→ Problem to work on
Find out how many lines of the material contain the string "qmul" and give only that figure.

### Source data ###

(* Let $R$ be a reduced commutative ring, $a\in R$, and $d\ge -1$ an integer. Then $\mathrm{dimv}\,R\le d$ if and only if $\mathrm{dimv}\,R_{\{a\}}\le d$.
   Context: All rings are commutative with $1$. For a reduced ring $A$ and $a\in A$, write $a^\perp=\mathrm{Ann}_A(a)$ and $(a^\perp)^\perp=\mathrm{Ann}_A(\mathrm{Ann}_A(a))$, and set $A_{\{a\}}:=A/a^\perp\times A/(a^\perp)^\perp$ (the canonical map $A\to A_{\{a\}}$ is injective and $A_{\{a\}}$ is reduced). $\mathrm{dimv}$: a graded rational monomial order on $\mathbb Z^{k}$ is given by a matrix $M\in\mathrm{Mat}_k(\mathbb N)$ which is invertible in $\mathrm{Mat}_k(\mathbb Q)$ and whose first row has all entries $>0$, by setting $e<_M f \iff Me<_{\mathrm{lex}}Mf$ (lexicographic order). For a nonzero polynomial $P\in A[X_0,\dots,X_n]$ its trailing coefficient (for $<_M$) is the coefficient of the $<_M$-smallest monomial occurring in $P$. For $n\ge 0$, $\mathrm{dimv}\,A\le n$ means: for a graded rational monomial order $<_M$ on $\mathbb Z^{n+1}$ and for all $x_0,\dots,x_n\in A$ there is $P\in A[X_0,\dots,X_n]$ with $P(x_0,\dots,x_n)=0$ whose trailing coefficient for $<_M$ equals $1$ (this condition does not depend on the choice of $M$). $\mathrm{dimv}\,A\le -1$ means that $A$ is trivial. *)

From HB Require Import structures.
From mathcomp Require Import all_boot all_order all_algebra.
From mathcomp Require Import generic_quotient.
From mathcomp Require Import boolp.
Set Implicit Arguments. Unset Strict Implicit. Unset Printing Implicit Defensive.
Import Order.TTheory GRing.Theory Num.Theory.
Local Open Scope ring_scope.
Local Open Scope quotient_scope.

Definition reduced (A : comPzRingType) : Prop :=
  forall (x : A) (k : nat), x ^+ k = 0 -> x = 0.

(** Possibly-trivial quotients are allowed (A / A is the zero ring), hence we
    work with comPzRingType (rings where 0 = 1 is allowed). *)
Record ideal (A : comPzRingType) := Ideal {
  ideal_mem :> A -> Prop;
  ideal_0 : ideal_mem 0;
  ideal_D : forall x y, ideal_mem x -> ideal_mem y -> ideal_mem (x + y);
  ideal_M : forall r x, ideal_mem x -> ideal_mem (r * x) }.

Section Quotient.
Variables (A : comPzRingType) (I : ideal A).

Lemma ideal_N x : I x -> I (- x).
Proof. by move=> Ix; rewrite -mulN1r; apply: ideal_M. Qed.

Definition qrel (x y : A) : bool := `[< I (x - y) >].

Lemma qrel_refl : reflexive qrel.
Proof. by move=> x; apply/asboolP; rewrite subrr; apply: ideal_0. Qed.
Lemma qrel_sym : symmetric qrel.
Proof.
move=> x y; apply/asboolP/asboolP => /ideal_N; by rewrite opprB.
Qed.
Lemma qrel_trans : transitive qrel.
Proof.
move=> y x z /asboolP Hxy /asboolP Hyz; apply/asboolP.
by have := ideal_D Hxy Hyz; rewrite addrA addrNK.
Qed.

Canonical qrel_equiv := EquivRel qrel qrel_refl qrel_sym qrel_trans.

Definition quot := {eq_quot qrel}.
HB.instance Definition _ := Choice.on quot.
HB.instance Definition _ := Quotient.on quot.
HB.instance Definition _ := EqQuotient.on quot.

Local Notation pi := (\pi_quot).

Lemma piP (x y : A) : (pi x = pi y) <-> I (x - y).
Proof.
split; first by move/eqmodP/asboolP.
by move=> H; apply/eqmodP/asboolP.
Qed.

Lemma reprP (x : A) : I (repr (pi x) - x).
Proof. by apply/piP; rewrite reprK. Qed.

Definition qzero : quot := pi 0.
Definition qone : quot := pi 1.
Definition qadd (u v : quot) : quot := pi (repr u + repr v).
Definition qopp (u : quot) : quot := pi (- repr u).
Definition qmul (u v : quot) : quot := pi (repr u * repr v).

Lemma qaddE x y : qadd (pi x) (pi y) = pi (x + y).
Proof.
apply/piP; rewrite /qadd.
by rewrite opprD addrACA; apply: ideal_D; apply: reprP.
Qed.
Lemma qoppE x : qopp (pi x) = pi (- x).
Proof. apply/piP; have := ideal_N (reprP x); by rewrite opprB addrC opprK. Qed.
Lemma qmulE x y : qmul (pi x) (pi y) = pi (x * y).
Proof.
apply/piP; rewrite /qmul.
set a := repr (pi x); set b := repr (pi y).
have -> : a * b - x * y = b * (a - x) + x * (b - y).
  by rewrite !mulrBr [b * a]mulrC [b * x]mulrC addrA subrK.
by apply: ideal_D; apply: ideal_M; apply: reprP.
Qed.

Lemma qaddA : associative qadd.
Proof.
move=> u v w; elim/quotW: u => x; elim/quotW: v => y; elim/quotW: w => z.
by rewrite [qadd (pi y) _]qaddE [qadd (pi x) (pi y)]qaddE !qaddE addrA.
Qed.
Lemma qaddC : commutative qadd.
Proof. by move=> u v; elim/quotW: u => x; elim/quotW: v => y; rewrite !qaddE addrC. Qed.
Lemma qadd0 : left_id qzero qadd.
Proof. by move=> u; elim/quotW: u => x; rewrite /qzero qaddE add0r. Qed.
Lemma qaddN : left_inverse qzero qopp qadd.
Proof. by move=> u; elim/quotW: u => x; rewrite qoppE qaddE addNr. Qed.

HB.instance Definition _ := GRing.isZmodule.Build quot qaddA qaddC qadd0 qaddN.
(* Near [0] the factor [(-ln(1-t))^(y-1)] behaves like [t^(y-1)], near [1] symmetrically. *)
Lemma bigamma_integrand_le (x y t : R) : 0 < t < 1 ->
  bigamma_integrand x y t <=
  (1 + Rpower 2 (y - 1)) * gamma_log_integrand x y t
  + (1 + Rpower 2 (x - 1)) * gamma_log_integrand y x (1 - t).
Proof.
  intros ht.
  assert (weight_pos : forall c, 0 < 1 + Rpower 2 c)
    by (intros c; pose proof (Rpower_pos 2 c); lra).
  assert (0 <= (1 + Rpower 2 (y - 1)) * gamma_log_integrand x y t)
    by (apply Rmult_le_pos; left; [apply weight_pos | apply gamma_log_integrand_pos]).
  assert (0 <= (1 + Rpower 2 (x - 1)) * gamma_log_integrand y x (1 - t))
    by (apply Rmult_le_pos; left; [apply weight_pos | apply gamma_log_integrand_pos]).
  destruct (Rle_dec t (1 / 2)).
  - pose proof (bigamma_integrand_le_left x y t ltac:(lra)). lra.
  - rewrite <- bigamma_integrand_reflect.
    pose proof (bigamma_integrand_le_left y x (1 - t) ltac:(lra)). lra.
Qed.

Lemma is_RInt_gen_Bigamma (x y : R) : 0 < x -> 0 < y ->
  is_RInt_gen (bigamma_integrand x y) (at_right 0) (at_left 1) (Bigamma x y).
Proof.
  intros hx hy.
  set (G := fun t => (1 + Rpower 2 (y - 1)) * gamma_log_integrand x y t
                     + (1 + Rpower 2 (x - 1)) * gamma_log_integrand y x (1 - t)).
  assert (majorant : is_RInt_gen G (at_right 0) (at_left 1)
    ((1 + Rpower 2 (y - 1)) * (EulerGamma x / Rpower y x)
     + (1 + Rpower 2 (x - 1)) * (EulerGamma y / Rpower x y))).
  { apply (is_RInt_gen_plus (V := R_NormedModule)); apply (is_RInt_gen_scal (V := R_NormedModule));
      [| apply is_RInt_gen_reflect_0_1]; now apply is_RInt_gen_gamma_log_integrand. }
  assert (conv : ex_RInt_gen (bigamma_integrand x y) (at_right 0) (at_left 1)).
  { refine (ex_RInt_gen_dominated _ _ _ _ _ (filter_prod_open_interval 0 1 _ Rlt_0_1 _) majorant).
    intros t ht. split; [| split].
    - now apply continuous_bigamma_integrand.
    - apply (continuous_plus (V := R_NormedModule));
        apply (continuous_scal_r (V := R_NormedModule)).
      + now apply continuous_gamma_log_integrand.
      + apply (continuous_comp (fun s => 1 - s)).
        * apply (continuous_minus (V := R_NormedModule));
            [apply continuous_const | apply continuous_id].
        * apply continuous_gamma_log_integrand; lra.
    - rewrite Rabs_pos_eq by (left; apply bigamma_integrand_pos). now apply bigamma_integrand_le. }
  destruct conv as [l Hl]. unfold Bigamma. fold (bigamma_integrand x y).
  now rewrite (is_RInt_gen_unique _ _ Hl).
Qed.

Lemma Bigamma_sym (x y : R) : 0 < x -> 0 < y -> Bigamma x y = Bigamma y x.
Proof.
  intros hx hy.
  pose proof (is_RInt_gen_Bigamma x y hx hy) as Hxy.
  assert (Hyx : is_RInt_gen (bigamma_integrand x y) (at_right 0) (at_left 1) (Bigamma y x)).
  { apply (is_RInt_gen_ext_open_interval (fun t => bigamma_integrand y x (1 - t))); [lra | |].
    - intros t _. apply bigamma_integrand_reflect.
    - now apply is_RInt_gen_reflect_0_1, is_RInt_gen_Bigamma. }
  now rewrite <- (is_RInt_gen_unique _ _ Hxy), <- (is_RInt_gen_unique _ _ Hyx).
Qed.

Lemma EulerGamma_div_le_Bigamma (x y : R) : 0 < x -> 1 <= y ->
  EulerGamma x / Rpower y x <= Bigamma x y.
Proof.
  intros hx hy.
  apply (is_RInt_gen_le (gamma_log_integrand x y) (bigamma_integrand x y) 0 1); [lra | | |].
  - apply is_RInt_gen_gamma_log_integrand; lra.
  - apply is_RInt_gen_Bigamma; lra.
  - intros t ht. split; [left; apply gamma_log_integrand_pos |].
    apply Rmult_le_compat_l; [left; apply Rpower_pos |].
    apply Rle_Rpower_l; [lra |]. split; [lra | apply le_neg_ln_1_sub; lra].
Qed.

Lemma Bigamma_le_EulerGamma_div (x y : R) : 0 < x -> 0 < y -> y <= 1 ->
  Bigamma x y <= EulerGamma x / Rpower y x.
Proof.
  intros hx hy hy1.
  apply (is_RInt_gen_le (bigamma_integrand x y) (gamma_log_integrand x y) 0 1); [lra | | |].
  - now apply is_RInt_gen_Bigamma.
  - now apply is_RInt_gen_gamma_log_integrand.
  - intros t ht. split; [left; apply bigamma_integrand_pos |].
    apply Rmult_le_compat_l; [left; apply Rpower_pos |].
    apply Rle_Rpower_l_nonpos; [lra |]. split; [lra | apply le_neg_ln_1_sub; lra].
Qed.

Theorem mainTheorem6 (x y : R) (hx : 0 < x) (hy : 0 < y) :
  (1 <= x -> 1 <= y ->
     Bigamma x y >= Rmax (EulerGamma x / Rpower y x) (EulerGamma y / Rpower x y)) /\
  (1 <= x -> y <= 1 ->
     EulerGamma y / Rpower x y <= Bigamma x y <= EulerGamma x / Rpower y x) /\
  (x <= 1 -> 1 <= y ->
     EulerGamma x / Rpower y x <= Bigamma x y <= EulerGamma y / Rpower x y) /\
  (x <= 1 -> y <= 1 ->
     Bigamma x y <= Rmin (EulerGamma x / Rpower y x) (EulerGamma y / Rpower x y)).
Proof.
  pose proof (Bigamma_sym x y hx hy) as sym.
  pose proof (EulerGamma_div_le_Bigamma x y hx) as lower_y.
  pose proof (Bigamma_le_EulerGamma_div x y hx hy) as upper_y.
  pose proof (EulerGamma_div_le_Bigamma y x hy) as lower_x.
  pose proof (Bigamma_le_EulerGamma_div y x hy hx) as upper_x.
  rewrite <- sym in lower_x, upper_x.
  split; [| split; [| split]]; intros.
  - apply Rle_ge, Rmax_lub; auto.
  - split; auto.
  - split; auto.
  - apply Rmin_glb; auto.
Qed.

###

→ Output
3